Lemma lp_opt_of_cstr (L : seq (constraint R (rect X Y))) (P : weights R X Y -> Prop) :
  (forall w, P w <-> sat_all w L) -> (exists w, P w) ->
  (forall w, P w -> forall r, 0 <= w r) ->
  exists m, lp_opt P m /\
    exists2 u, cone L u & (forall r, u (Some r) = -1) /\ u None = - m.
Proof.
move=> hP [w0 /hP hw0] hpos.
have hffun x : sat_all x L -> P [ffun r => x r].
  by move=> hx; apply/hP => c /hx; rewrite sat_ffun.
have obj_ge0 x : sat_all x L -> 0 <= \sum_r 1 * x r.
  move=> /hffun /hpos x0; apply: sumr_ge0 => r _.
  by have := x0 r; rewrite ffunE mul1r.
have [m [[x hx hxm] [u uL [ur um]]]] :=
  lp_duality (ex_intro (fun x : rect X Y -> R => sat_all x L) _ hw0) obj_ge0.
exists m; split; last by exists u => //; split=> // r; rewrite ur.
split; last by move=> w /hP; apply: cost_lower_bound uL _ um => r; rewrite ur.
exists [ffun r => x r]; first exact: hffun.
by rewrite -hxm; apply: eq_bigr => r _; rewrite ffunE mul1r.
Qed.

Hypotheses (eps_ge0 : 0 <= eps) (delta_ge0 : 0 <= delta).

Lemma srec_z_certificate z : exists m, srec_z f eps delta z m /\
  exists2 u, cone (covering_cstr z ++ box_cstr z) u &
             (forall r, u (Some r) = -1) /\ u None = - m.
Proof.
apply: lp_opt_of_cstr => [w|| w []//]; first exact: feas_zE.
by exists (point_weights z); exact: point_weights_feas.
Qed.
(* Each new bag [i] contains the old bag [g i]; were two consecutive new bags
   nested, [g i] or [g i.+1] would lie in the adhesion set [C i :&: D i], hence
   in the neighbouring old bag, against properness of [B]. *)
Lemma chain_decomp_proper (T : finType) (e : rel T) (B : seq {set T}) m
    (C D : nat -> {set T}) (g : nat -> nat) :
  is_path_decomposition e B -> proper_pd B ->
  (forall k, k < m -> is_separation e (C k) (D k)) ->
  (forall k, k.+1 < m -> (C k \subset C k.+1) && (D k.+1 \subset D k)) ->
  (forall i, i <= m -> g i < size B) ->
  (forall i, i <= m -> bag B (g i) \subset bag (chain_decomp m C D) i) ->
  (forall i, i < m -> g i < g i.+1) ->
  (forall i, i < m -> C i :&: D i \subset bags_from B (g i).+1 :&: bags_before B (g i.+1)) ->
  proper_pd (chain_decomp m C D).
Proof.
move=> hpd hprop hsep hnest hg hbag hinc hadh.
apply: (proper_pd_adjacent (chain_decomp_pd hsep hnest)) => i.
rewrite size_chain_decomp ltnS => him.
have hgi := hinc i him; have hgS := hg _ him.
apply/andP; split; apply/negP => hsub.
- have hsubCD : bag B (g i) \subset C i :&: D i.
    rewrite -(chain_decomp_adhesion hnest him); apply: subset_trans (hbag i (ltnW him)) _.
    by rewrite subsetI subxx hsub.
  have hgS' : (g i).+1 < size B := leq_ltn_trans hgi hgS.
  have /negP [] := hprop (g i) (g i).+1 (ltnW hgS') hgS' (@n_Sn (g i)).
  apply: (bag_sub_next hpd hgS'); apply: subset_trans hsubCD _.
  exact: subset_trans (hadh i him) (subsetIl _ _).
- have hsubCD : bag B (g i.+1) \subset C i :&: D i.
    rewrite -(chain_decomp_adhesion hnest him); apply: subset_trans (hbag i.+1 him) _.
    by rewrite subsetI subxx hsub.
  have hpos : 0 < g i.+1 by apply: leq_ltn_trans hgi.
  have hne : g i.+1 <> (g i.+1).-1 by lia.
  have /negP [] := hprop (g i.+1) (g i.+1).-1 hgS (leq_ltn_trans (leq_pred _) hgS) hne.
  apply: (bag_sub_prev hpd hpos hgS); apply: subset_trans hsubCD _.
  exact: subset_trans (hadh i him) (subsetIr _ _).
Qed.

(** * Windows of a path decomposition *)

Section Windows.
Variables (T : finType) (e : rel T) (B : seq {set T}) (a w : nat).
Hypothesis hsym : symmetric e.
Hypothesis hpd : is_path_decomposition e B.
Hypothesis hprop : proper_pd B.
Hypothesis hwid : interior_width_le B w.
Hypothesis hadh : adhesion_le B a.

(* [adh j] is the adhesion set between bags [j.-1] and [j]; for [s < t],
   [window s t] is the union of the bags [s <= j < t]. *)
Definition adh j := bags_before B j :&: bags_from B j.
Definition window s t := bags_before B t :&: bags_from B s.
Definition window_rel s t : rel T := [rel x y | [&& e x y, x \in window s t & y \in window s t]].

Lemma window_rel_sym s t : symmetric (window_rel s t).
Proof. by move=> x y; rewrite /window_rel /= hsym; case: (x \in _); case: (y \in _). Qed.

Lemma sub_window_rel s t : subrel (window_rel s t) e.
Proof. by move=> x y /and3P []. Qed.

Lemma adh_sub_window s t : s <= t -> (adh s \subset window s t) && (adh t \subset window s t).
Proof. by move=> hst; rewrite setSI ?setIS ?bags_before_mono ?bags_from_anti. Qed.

■ ■ ■ ■

◆ **TASK BRIEF**
Take the entries above and return only the lines from the one with "split; last by move=>" to the one with "apply: lp_opt_of_cstr =>", both included, unchanged.

◆ **WRITTEN RESPONSE**
split; last by move=> w /hP; apply: cost_lower_bound uL _ um => r; rewrite ur.
exists [ffun r => x r]; first exact: hffun.
by rewrite -hxm; apply: eq_bigr => r _; rewrite ffunE mul1r.
Qed.

Hypotheses (eps_ge0 : 0 <= eps) (delta_ge0 : 0 <= delta).

Lemma srec_z_certificate z : exists m, srec_z f eps delta z m /\
  exists2 u, cone (covering_cstr z ++ box_cstr z) u &
             (forall r, u (Some r) = -1) /\ u None = - m.
Proof.
apply: lp_opt_of_cstr => [w|| w []//]; first exact: feas_zE.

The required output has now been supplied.